3. Бог как «ты» и Божество
В предыдущем размышлении мы вынуждены были уклониться далеко от основной темы нашего исследования и бросить взор в область, уже запредельную всякой философии вообще. Намеченное нами трансрациональное единство между общим и конкретно-положительным откровением отнюдь не должно, однако, соблазнить нас выйти за пределы первого – и тем самым за пределы философии – и вступить в область догматического богословия. Напротив, с сознательным самоограничением мы остаемся в пределах того, что нам дается общим откровением, – откровением Божества как «моего Бога» или как «ты» в его общем существе. Мы возвращаемся теперь к этой нашей собственной теме.
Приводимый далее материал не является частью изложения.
Lemma window_lower_bound (y : nat -> nat -> R) (t : nat -> seq nat) (z : nat -> R) (eps e : R) L :
  0 <= e -> (forall i, eps <= \sum_(k <- t i) `|y i k|) -> past_small y t e ->
  (forall i j, (L < i)%N -> (i < j)%N -> i.+1%:R * \sum_(k <- t i) `|y j k - z k| <= e) ->
  eps <= 2 * (e + \sum_(k <- window t L) `|z k| +
                  \sum_(k <- window t L) `|cesaro y (L.*2).+1 k - z k|).
Proof.
move=> He Hy Hsmall Hclose; set N := (L.*2).+1.
have Hblock i : (L < i < N.+1)%N -> eps - 2 * e - N.+1%:R * \sum_(k <- t i) `|z k| <=
    N.+1%:R * \sum_(k <- t i) `|cesaro y N k - z k|.
  move=> /andP[HLi HiN]; have Hi : 0 < i.+1%:R :> R by rewrite ltr0n.
  rewrite [leRHS]mulr_sumr (eq_bigr _ (fun k _ => cesaro_scaled_dist y z N k)).
  apply: le_trans (block_lower_bound (d := e / i.+1%:R) HiN (Hy i) _ _) => [|j Hj|j Hj].
  - have HNi : N%:R <= 2 * i.+1%:R :> R.
      by rewrite -[2]/(2%:R) -natrM ler_nat /N -addnn; lia.
    have : N%:R * (e / i.+1%:R) <= 2 * e by rewrite mulrA ler_pdivrMr //; nra.
    by rewrite succnK -!addrA lerD2l addrC lerD2l lerN2.
  - by rewrite ler_pdivlMr // mulrC; apply: Hsmall.
  - by rewrite ler_pdivlMr // mulrC; apply: Hclose.
have := ler_sum_nat Hblock.
have Hwin : (N.+1 - L.+1 = L.+1)%N by rewrite /N -addnn; lia.
have Hw (f : nat -> R) : \sum_(k <- window t L) f k = \sum_(L.+1 <= i < N.+1) \sum_(k <- t i) f k.
  by rewrite /window big_flatten big_map /index_iota Hwin.
rewrite sumrB sumr_const_nat Hwin -!mulr_sumr -[_ *+ L.+1]mulr_natl.
rewrite -(Hw (fun k => `|z k|)) -(Hw (fun k => `|cesaro y N k - z k|)).
have -> : N.+1%:R = 2 * L.+1%:R :> R by rewrite -[2]/(2%:R) -natrM /N -addnn; congr _%:R; lia.
have HL : 0 < L.+1%:R :> R by rewrite ltr0n.
nra.
Qed.

Lemma no_cesaro_limit (F : seq nat -> Prop) (y : nat -> nat -> R) (t : nat -> seq nat)
    (z : nat -> R) (eps M : R) (N0 : nat) :
  0 < eps -> (forall i, eps <= \sum_(k <- t i) `|y i k|) ->
  past_small y t (eps / 8) -> future_close y t (eps / 8) ->
  (forall l u, F u -> \sum_(k <- u) `|y l k| <= M) ->
  (forall i, (N0 < i)%N -> F (t i)) -> (forall L, (N0 <= L)%N -> F (window t L)) ->
  (forall L, all (fun k => L < k)%N (window t L)) -> inX F z ->
  ~ (forall d, 0 < d -> exists N1, forall N, (N1 <= N)%N ->
       normFle F (fun k => cesaro y N k - z k) d).
Proof.
move=> Heps Hy Hsmall Hclose HM Ht Hwin Hfar Hz Hcvg.
have He : 0 < eps / 8 by rewrite divr_gt0.
have [Kz HKz] := inX_tail Hz He.
have [Nc HNc] := Hcvg _ He.
pose L := (N0 + Kz + Nc)%N.
have Hclose_z i j : (L < i)%N -> (i < j)%N ->
    i.+1%:R * \sum_(k <- t i) `|y j k - z k| <= eps / 8.
  move=> HLi; apply: (future_close_cesaro Hclose _ HM Hcvg); apply: Ht; rewrite /L; lia.
have HwinL : F (window t L) by apply: Hwin; rewrite /L; lia.
have Hz_win : \sum_(k <- window t L) `|z k| <= eps / 8.
  by apply: HKz HwinL _; apply: sub_all (Hfar L) => k; rewrite /L; lia.
have [|_ Hc_win] := HNc (L.*2).+1; first by rewrite -addnn /L; lia.
have := Hc_win _ HwinL; have := window_lower_bound (ltW He) Hy Hsmall Hclose_z.
lra.
Qed.

End RealSequences.

Unset Implicit Arguments.

Theorem proposition3p8 (R : realType) (alpha : ord)
  (Hwf : owf alpha) (Hcoh : coherent alpha)
  (x : nat -> nat -> R)
  (HX : forall n, inX (Sch alpha) (x n))
  (Hbdd : exists M : R, forall n, normFle (Sch alpha) (x n) M)
  (eps : R) (Heps : 0 < eps)
  (beta : ord) (Hbeta_occ : occurs beta alpha) (Hbeta_lt : olt beta alpha)
  (s : nat -> seq nat)
  (HsS : forall n, Sch beta (s n))
  (Hblock : forall n, (last 0%N (s n) < head 0%N (s n.+1))%N)
  (Hsum : forall n, eps <= \sum_(k <- s n) `|x n k|) :
  ~ BanachSaks (Sch alpha) (fun w => exists n, w = x n).
Proof.
move=> HBS; have [M HM] := Hbdd.
have Hs_ne n : s n != [::] by apply/eqP => Hn; have := Hsum n; rewrite Hn big_nil; lra.
have [Nk HNk] := Sch_succ_tail Hcoh (occ_refl alpha) Hbeta_occ Hbeta_lt.
have Hs_alpha n : (Nk < n)%N -> Sch alpha (s n).
  move=> Hn; apply: HNk (Sch_sub_succ (HsS n)) _; apply/allP => k /(block_ge HsS Hblock).
  exact: leq_trans Hn.
have Htail n := inX_tail_blocks (HX n) Hs_alpha (block_ge HsS Hblock).
have Hcoord n v k : k \in s v -> `|x n k| <= M.
  by move=> Hk; apply: (HM n).1; have [_ /allP] := Sch_fsetN (HsS v); apply.
have He : 0 < eps / 8 by rewrite divr_gt0.
have [psi Hpsi [Hsmall Hclose]] := separated_subsequence He Hcoord Htail.
have [phi [Hphi [z [Hz Hcvg]]]] := HBS (fun m => x (psi m)) (fun m => ex_intro _ (psi m) erefl).
have Hrho i : (psi (phi i) < psi (phi i.+1))%N by apply/increasing_lt/Hphi.
apply: (no_cesaro_limit (N0 := Nk) Heps _ (past_small_subseq Hphi Hsmall)
  (future_close_subseq Hphi Hclose) _ _ _ _ Hz Hcvg) => [i|l u Hu|i Hi|L HL|L].
- exact: Hsum.
- exact: (HM _).2.
- by apply: Hs_alpha; apply: leq_trans Hi (increasing_ge Hrho i).
- apply: HNk (window_Sch_succ HsS Hs_ne Hblock Hrho L) _.
  by apply: sub_all (window_far HsS Hblock Hrho L) => k; apply: leq_ltn_trans.
- exact: (window_far HsS Hblock (rho := fun i => psi (phi i)) Hrho L).
Qed.
(* Let $N=((V\cup\{s\},A),\tau)$ be an acyclic pre-flow temporal network and $k\in\mathbb{N}$. Then $\min\{k,\lambda_N(s,v)\}=\min\{k,d^-_A(v)\}$ for every $v\in V$, and there exist $k$ pairwise arc-disjoint $\tau$-respecting $s$-arborescences such that each $v\in V$ belongs to exactly $\min\{k,\lambda_N(s,v)\}$ of them.
   Context: A temporal network is a pair $N=(D,\tau)$ where $D=(V\cup\{s\},A)$ is a directed graph (parallel arcs allowed) with a root $s$ that no arc enters, and $\tau:A\to\mathbb{N}$; it is acyclic if $D$ has no directed cycle. For $i\in\mathbb{N}$, $\rho_N^i(v)=\{a \text{ entering } v:\tau(a)\le i\}$, $\delta_N^i(v)=\{a\text{ leaving } v:\tau(a)\le i\}$. $N$ is pre-flow if $|\rho_N^i(v)|\ge|\delta_N^i(v)|$ for all $i\in\mathbb{N}$ and all $v\in V$. $d^-_A(v)$ is the number of arcs entering $v$. A directed path with arcs $a_1,\dots,a_\ell$ in order is $\tau$-respecting if $\tau(a_1)\le\dots\le\tau(a_\ell)$; $\lambda_N(s,v)$ is the maximum number of pairwise arc-disjoint $\tau$-respecting $(s,v)$-paths. An $s$-arborescence is an acyclic subgraph $F=(V'\cup\{s\},A')$, $V'\subseteq V$, in which each vertex of $V'$ has in-degree exactly $1$; it is $\tau$-respecting if every path in it from $s$ is $\tau$-respecting. *)

From mathcomp Require Import all_boot.
From Stdlib Require Import ClassicalEpsilon.
Definition imp_m (x y z : val3) : Prop :=
  (~ designated x \/ designated y -> designated z) /\
  (~ (~ designated x \/ designated y) -> z = VF).

Definition valuation (v : formula -> val3) : Prop :=
  forall a b : formula,
    neg_m (v a) (v (Neg a)) /\
    circ_m (v a) (v (Circ a)) /\
    and_m (v a) (v b) (v (And a b)) /\
    or_m (v a) (v b) (v (Or a b)) /\
    imp_m (v a) (v b) (v (Imp a b)).

Definition in_Fnk (n k : nat) (v : formula -> val3) : Prop :=
  valuation v /\
  (forall a : formula,
     (v (circn n a) = VT \/ v (circn n a) = VF) -> v (circn (S n) a) = VT) /\
  (forall (j : nat) (a : formula), 1 <= j -> j <= k - 1 ->
     v (circn j a) = v (circn j (Neg a))).

Definition Rnk_valid (n k : nat) (a : formula) : Prop :=
  forall v, in_Fnk n k v -> designated (v a).

From Stdlib Require Import Arith Lia Classical ClassicalEpsilon Cantor.

(** Canonical-model argument. If [a] is not a theorem of L_n^k, Lindenbaum's
    construction yields a set [D] of formulas that is closed under derivability,
    omits [a], and is maximal with these properties. Such a set decides the
    positive connectives classically, so the value of [b] may be read off from
    the pair ([b] in [D], [~ b] in [D]): T for (yes, no), t for (yes, yes), F
    otherwise. Axioms (ciw) and (bc1) make [o b] designated exactly when [b] is
    not t, (dn) makes [~] behave as in M_1, (cc^n) yields (vCc^n) and (ip^j)
    yields (vip^j). This valuation lies in F_n^k and refutes [a]. *)

Set Implicit Arguments.
Unset Strict Implicit.

Fixpoint formula_code (f : formula) : nat :=
  match f with
  | Var m => Cantor.to_nat (0, m)
  | Neg a => Cantor.to_nat (1, formula_code a)
  | Circ a => Cantor.to_nat (2, formula_code a)
  | And a b => Cantor.to_nat (3, Cantor.to_nat (formula_code a, formula_code b))
  | Or a b => Cantor.to_nat (4, Cantor.to_nat (formula_code a, formula_code b))
  | Imp a b => Cantor.to_nat (5, Cantor.to_nat (formula_code a, formula_code b))
  end.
Дело в том, что здесь непроизвольно возникает сомнение: может ли тот всеобъемлющий абсолют, то всеопределяющее первоначало или первооснование, для которого по существу нет имени и которое в своем всеобъемлющем существе и смысле лишь как-то смутно улавливается неким общим чувством и лишь по необходимости было выражено нами не в благоговейном молчании, а в имени «Святыни» или «Божества», – может ли это Неизреченное быть адекватно воспринято как «ты»? Хотя нами с самого начала руководит некое чутье, что конкретный религиозный опыт в этом отношении как-то более достоверен, чем всякое размышление и отвлеченное обсуждение, мы не имеем права избавить себя от усилия согласовать непосредственно данное в живом опыте с условиями мыслимости той реальности, о которой здесь идет речь. Здесь возникает двоякая проблематика: с одной стороны, возможность воспринять само Божество ввиду его абсолютности как некое «ты» и, с другой стороны, возможность понять это «ты» в его сущностно-необходимом отношении ко мне. Как «Божество» вообще может быть неким «ты», если оно есть Абсолют и Первоначало? И как оно может быть для меня подлинным «ты», т. е. так, что я не исчезаю перед лицом этого «ты», не растворяюсь в нем, а сохраняю в отношении его – как это необходимо в отношений всякого «ты» – мое автономное, в себе утвержденное бытие? Оба вопроса, строго говоря, нельзя отделить друг от друга; и все же мы вынуждены в дискурсивности нашего мышления обсуждать их в отдельности. Здесь мы обращаемся ближайшим образом к первому из них.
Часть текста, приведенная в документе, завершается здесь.